## How to complete this task:
Within the entries below, every line containing "disjoint" is to be copied.

------------------------------------

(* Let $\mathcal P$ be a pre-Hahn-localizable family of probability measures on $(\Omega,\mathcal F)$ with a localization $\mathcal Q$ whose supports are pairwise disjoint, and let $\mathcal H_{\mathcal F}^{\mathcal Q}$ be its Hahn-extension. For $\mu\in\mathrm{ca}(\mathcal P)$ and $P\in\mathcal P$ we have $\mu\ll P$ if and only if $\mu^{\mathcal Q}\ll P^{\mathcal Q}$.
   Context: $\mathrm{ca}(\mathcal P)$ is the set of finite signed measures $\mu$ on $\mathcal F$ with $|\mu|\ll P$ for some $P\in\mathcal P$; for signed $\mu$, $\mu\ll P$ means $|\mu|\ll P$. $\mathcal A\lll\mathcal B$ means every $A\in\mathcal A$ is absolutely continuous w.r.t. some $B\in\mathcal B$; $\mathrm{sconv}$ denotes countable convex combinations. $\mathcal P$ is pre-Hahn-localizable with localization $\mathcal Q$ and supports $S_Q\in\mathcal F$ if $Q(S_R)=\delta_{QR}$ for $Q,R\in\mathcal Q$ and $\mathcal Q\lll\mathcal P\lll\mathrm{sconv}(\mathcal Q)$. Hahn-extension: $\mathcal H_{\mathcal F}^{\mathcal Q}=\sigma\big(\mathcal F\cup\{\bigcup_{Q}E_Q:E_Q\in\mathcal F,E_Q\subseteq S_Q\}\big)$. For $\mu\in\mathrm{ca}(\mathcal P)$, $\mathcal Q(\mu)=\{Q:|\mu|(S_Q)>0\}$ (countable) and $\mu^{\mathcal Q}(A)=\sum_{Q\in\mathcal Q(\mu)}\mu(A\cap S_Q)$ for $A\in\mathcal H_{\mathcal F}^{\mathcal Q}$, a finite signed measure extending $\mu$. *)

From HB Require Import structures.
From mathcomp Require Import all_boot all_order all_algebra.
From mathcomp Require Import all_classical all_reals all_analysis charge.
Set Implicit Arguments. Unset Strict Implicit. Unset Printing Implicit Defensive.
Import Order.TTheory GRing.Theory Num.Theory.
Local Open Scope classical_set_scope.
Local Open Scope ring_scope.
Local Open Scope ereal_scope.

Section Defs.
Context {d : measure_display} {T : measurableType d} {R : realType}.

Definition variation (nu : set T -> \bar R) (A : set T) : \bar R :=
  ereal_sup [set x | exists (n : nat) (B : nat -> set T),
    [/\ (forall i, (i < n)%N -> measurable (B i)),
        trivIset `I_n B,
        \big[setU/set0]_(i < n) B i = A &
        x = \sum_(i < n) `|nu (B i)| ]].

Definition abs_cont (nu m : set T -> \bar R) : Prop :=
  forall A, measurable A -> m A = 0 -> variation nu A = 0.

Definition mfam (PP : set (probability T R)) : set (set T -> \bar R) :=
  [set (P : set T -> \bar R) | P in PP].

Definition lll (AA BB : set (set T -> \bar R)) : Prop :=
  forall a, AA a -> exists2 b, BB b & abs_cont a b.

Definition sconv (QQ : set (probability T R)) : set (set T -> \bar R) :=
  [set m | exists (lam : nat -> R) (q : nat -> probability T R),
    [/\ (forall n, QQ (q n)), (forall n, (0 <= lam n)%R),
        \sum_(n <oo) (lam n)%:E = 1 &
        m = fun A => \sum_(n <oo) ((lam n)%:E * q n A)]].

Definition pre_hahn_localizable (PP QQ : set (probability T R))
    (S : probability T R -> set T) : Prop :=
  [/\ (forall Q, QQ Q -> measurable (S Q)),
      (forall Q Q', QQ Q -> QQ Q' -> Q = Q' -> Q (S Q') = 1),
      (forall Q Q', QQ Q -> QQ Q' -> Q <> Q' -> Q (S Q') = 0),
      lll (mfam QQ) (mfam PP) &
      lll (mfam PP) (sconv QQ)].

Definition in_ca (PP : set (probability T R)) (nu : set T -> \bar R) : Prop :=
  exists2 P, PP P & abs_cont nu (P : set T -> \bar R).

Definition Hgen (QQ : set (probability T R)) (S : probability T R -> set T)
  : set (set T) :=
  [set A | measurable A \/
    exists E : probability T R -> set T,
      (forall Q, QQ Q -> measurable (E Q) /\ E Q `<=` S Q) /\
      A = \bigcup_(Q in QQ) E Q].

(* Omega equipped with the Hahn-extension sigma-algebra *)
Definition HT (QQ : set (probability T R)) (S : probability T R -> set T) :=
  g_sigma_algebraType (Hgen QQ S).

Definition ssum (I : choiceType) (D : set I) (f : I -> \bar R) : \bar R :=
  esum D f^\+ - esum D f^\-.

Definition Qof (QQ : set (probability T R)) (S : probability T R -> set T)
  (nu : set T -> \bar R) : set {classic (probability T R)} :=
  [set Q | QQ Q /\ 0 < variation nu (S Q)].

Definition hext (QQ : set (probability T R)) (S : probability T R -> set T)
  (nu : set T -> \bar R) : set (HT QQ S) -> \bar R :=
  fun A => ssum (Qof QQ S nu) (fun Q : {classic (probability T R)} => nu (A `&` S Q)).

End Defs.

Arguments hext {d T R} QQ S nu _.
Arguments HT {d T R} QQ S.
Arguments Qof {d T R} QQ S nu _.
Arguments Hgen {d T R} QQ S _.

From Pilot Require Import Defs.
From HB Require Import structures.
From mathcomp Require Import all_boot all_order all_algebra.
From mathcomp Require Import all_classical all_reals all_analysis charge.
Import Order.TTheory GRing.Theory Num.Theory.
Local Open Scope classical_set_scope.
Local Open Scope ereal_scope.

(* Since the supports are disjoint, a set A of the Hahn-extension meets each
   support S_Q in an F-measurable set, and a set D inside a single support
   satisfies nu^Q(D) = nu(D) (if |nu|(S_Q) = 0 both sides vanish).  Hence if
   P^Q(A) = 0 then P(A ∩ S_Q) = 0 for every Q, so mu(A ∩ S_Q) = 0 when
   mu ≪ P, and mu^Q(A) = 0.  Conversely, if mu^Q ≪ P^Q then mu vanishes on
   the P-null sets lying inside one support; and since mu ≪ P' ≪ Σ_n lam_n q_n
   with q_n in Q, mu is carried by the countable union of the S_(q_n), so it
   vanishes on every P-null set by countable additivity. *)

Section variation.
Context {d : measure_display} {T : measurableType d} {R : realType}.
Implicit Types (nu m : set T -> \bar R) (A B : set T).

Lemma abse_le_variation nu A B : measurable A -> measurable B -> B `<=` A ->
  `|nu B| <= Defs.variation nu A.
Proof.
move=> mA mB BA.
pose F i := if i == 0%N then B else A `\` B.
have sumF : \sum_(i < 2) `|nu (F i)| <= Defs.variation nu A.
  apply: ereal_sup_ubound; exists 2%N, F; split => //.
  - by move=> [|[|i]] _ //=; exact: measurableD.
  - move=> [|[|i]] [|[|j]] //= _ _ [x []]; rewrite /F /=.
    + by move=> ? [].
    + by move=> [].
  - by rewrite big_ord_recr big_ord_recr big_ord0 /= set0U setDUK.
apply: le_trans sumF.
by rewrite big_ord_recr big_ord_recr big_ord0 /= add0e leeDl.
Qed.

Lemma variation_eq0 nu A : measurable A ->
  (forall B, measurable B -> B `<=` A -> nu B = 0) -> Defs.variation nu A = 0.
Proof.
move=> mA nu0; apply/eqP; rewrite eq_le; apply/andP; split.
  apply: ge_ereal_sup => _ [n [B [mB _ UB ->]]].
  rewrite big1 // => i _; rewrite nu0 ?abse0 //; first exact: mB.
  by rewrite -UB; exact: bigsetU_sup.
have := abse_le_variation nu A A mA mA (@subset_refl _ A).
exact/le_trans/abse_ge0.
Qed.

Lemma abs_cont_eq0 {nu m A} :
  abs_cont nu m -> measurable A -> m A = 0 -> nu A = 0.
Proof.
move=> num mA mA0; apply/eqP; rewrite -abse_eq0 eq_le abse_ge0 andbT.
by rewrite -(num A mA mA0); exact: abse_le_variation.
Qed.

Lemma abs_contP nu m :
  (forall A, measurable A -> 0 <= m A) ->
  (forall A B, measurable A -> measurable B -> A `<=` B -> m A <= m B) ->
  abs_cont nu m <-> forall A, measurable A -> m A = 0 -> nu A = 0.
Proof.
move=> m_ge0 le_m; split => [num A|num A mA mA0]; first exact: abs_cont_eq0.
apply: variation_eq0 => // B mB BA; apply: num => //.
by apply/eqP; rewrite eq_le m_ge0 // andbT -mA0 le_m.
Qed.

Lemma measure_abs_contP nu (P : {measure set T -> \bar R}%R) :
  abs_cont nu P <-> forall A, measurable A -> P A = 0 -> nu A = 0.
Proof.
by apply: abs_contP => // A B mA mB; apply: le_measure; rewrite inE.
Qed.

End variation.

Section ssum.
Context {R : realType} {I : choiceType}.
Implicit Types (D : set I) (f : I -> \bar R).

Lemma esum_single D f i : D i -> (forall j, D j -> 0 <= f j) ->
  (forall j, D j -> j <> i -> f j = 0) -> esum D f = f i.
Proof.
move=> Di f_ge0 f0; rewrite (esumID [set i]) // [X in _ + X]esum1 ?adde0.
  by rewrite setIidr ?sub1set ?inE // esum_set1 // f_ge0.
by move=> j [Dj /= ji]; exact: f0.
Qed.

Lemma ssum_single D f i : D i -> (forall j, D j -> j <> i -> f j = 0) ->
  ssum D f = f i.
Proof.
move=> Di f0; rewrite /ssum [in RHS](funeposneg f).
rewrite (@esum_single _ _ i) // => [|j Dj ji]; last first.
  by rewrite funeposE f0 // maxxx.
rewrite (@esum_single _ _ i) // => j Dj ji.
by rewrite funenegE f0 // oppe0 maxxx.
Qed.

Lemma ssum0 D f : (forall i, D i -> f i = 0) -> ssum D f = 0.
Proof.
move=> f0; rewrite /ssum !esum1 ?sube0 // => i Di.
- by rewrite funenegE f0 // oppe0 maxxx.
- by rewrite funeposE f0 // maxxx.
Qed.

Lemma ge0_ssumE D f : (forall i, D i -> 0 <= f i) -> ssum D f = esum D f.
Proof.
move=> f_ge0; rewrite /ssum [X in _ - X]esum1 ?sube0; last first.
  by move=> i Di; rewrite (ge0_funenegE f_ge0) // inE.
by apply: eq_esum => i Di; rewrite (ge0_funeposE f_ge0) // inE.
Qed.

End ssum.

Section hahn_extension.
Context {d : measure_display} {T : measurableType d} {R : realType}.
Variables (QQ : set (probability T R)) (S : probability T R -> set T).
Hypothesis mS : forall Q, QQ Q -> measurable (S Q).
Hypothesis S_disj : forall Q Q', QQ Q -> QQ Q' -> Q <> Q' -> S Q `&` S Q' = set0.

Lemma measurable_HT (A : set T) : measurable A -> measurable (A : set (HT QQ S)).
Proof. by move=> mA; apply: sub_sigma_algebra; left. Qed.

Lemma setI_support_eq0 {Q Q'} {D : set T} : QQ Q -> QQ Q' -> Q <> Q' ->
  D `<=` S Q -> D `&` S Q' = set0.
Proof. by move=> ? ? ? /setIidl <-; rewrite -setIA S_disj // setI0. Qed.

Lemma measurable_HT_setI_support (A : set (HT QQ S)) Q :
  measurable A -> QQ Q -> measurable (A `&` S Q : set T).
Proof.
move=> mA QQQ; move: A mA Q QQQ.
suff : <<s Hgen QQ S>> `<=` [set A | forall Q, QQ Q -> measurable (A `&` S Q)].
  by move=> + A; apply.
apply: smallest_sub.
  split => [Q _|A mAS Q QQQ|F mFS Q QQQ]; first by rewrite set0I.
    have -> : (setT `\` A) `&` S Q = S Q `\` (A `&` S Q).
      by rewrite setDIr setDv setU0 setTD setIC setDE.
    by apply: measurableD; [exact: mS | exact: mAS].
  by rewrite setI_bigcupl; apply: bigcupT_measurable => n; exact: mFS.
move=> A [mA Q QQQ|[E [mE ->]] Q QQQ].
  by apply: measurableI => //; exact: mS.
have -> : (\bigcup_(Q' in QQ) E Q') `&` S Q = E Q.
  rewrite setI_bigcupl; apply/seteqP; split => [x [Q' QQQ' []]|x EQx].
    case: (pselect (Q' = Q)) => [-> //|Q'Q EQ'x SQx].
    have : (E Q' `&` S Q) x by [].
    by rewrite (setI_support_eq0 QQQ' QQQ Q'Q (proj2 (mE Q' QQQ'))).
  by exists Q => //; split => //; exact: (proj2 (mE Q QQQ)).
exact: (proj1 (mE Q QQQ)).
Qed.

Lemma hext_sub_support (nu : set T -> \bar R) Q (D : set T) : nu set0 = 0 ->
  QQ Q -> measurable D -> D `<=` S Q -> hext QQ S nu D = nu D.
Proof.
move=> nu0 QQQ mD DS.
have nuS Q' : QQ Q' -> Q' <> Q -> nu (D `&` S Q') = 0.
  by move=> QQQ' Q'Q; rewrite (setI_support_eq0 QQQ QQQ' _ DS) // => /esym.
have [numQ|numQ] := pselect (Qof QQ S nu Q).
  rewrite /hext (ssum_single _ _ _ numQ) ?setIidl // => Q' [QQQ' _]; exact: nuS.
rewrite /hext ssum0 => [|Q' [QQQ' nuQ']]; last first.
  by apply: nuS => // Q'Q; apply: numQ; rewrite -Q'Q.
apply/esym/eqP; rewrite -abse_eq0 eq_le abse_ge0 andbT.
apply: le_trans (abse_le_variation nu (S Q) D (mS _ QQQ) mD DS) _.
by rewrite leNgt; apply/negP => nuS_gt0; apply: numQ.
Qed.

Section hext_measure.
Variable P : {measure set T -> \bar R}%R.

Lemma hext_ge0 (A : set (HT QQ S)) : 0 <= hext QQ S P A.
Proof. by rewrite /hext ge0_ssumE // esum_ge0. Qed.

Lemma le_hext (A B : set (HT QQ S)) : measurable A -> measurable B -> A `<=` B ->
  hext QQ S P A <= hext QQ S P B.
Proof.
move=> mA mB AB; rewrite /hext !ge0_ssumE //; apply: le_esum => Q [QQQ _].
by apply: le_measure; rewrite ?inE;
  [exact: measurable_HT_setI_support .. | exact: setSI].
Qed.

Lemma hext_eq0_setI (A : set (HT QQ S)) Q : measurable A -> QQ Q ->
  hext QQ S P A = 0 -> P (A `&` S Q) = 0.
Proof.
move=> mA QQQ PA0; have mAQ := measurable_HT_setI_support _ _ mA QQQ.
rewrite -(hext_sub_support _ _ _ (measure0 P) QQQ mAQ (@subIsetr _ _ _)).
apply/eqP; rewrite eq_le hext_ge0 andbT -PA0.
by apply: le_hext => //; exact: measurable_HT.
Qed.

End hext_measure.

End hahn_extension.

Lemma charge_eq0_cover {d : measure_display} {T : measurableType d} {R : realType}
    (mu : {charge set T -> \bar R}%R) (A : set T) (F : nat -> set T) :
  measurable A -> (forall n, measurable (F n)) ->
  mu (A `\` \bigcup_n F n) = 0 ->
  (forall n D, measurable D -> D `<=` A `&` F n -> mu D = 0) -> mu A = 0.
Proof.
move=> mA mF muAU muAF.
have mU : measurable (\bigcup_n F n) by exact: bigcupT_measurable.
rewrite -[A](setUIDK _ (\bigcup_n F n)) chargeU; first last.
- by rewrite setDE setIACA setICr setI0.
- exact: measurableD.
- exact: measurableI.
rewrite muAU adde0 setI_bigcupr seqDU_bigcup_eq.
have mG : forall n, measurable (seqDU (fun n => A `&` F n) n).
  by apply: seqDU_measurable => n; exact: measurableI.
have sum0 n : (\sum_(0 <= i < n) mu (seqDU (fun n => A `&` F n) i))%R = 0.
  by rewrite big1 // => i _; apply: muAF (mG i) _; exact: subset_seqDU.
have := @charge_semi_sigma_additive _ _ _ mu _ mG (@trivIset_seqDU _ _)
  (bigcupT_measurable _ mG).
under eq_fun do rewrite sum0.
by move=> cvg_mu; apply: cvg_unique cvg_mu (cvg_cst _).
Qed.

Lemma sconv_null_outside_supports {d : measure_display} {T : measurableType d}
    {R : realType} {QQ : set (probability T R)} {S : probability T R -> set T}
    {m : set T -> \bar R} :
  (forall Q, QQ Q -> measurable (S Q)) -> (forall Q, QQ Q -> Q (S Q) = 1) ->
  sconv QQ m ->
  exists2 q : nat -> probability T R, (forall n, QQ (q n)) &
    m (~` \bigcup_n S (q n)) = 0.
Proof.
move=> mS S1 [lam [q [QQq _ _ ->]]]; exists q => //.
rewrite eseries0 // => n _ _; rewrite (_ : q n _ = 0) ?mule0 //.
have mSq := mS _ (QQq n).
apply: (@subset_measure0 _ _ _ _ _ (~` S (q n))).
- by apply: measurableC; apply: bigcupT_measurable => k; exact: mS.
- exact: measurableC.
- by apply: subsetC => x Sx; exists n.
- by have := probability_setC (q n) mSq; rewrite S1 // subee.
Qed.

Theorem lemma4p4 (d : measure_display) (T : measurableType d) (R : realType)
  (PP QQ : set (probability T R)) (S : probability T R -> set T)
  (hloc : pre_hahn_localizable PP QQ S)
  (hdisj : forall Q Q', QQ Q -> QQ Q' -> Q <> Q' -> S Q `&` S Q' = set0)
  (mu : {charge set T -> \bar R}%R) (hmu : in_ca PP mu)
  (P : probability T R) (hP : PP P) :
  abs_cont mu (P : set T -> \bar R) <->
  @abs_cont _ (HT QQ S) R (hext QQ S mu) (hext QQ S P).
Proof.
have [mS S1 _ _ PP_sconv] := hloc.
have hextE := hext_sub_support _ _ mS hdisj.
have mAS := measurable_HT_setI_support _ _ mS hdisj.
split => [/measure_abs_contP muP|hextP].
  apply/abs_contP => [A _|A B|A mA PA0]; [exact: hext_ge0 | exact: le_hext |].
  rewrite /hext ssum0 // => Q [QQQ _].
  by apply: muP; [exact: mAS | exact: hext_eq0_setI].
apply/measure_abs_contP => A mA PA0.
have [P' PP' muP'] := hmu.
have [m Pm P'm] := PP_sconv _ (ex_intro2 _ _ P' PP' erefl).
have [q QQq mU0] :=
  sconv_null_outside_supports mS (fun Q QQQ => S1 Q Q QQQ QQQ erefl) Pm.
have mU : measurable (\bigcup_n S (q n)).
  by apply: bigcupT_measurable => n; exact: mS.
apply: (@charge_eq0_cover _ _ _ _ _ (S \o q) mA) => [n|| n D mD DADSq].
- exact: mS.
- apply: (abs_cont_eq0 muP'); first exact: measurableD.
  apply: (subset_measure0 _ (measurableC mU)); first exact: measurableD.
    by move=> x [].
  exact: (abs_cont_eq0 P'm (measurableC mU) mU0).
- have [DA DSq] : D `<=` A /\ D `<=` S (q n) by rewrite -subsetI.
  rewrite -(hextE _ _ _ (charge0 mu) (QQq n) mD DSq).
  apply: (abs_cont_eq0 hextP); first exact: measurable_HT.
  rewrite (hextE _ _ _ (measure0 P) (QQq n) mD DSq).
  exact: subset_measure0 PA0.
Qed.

------------------------------------

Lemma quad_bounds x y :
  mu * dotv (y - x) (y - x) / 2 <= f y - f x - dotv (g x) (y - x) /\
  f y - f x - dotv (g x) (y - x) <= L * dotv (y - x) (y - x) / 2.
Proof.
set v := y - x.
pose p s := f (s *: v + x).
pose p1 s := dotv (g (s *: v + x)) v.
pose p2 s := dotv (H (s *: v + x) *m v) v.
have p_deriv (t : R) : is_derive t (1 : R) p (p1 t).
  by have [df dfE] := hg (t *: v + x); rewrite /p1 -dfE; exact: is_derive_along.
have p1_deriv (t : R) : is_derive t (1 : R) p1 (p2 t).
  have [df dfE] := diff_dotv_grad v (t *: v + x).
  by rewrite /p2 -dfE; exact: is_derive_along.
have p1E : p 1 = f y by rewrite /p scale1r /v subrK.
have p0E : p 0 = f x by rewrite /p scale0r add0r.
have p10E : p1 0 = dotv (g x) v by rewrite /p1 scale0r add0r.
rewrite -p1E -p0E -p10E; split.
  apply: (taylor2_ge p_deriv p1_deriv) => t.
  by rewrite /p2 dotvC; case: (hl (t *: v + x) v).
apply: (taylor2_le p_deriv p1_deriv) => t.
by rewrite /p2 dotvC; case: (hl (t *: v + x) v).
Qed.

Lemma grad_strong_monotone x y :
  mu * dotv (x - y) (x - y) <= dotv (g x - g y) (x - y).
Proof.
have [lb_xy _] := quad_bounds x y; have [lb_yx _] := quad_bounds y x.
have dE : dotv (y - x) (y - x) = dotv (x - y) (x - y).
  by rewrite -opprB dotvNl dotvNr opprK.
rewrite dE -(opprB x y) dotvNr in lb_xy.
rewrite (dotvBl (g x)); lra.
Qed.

------------------------------------

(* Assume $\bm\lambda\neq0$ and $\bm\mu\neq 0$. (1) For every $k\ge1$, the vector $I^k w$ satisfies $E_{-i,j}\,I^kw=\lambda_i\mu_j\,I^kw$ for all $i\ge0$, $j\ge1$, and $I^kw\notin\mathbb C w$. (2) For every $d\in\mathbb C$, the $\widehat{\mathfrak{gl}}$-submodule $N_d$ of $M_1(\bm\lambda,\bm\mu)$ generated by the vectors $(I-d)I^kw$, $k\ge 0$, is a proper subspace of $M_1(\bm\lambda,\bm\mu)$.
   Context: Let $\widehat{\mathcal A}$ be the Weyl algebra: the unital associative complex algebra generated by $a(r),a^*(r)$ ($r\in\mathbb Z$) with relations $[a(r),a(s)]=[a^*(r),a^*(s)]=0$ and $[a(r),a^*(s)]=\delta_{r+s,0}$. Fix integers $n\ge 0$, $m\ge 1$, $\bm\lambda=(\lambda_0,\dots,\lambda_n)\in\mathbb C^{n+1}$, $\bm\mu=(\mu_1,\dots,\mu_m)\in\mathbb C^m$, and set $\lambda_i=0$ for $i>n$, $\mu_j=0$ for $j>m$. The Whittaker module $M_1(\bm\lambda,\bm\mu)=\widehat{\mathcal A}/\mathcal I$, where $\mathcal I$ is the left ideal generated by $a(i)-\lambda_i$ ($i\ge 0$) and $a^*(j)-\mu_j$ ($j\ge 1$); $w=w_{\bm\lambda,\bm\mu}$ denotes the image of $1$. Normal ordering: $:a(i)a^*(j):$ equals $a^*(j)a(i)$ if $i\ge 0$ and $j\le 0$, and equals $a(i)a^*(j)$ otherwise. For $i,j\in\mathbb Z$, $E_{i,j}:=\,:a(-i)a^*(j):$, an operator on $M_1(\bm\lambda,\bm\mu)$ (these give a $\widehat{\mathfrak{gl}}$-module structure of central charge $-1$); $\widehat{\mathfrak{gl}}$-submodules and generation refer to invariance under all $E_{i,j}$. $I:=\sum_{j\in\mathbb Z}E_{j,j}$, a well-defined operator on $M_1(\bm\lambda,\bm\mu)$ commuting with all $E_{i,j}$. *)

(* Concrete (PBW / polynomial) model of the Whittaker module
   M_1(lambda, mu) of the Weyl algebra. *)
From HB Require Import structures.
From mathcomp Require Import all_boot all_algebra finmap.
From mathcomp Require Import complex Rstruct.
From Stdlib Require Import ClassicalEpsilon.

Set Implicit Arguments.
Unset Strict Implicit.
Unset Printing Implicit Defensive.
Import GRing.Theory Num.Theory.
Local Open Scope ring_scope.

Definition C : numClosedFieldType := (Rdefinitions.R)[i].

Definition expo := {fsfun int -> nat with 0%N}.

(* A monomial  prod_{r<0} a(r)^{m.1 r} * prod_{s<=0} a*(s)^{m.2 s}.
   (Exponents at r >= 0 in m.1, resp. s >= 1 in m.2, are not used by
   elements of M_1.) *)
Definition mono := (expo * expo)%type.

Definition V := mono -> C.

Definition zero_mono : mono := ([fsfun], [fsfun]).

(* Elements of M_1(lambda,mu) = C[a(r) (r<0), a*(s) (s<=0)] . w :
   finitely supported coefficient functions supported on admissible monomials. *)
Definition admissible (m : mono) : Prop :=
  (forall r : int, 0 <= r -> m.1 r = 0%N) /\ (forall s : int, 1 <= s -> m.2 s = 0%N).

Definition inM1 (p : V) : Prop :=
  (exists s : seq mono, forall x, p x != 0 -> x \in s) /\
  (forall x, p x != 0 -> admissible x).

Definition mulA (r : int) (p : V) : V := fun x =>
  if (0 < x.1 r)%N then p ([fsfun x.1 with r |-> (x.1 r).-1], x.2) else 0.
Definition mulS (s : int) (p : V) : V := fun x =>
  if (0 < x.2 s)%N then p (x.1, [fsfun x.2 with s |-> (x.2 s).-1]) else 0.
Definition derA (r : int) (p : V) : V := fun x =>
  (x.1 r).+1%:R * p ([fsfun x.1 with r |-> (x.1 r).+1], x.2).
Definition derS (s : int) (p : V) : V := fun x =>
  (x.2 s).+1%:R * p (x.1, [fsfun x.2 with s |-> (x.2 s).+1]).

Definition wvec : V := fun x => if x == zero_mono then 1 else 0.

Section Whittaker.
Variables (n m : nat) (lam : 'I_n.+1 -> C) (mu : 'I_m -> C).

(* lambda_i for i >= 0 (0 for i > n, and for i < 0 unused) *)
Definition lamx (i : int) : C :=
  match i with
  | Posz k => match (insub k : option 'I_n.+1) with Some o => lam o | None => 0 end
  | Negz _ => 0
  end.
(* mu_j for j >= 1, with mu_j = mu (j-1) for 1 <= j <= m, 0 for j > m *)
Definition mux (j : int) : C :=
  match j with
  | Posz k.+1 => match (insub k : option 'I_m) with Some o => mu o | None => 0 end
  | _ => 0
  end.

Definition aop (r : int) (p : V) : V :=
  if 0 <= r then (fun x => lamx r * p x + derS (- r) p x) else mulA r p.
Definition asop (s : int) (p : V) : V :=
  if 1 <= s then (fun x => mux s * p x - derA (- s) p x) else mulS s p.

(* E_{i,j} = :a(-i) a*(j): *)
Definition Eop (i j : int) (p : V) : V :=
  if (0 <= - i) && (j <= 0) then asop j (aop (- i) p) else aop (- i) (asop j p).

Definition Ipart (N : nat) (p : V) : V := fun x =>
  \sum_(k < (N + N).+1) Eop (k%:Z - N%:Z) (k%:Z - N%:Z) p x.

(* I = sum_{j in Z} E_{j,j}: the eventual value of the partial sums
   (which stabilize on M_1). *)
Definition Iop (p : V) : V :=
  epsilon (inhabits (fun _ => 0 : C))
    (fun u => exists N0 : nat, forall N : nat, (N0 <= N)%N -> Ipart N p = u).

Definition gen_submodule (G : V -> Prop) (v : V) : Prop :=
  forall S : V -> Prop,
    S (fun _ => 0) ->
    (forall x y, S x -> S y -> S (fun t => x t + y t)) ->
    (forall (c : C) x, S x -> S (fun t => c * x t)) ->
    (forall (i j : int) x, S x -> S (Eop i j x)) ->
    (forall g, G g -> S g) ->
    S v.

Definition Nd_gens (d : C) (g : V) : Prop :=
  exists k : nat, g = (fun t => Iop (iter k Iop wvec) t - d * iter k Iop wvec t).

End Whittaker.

------------------------------------

## Output below:
(* Let $\mathcal P$ be a pre-Hahn-localizable family of probability measures on $(\Omega,\mathcal F)$ with a localization $\mathcal Q$ whose supports are pairwise disjoint, and let $\mathcal H_{\mathcal F}^{\mathcal Q}$ be its Hahn-extension. For $\mu\in\mathrm{ca}(\mathcal P)$ and $P\in\mathcal P$ we have $\mu\ll P$ if and only if $\mu^{\mathcal Q}\ll P^{\mathcal Q}$.
(* Since the supports are disjoint, a set A of the Hahn-extension meets each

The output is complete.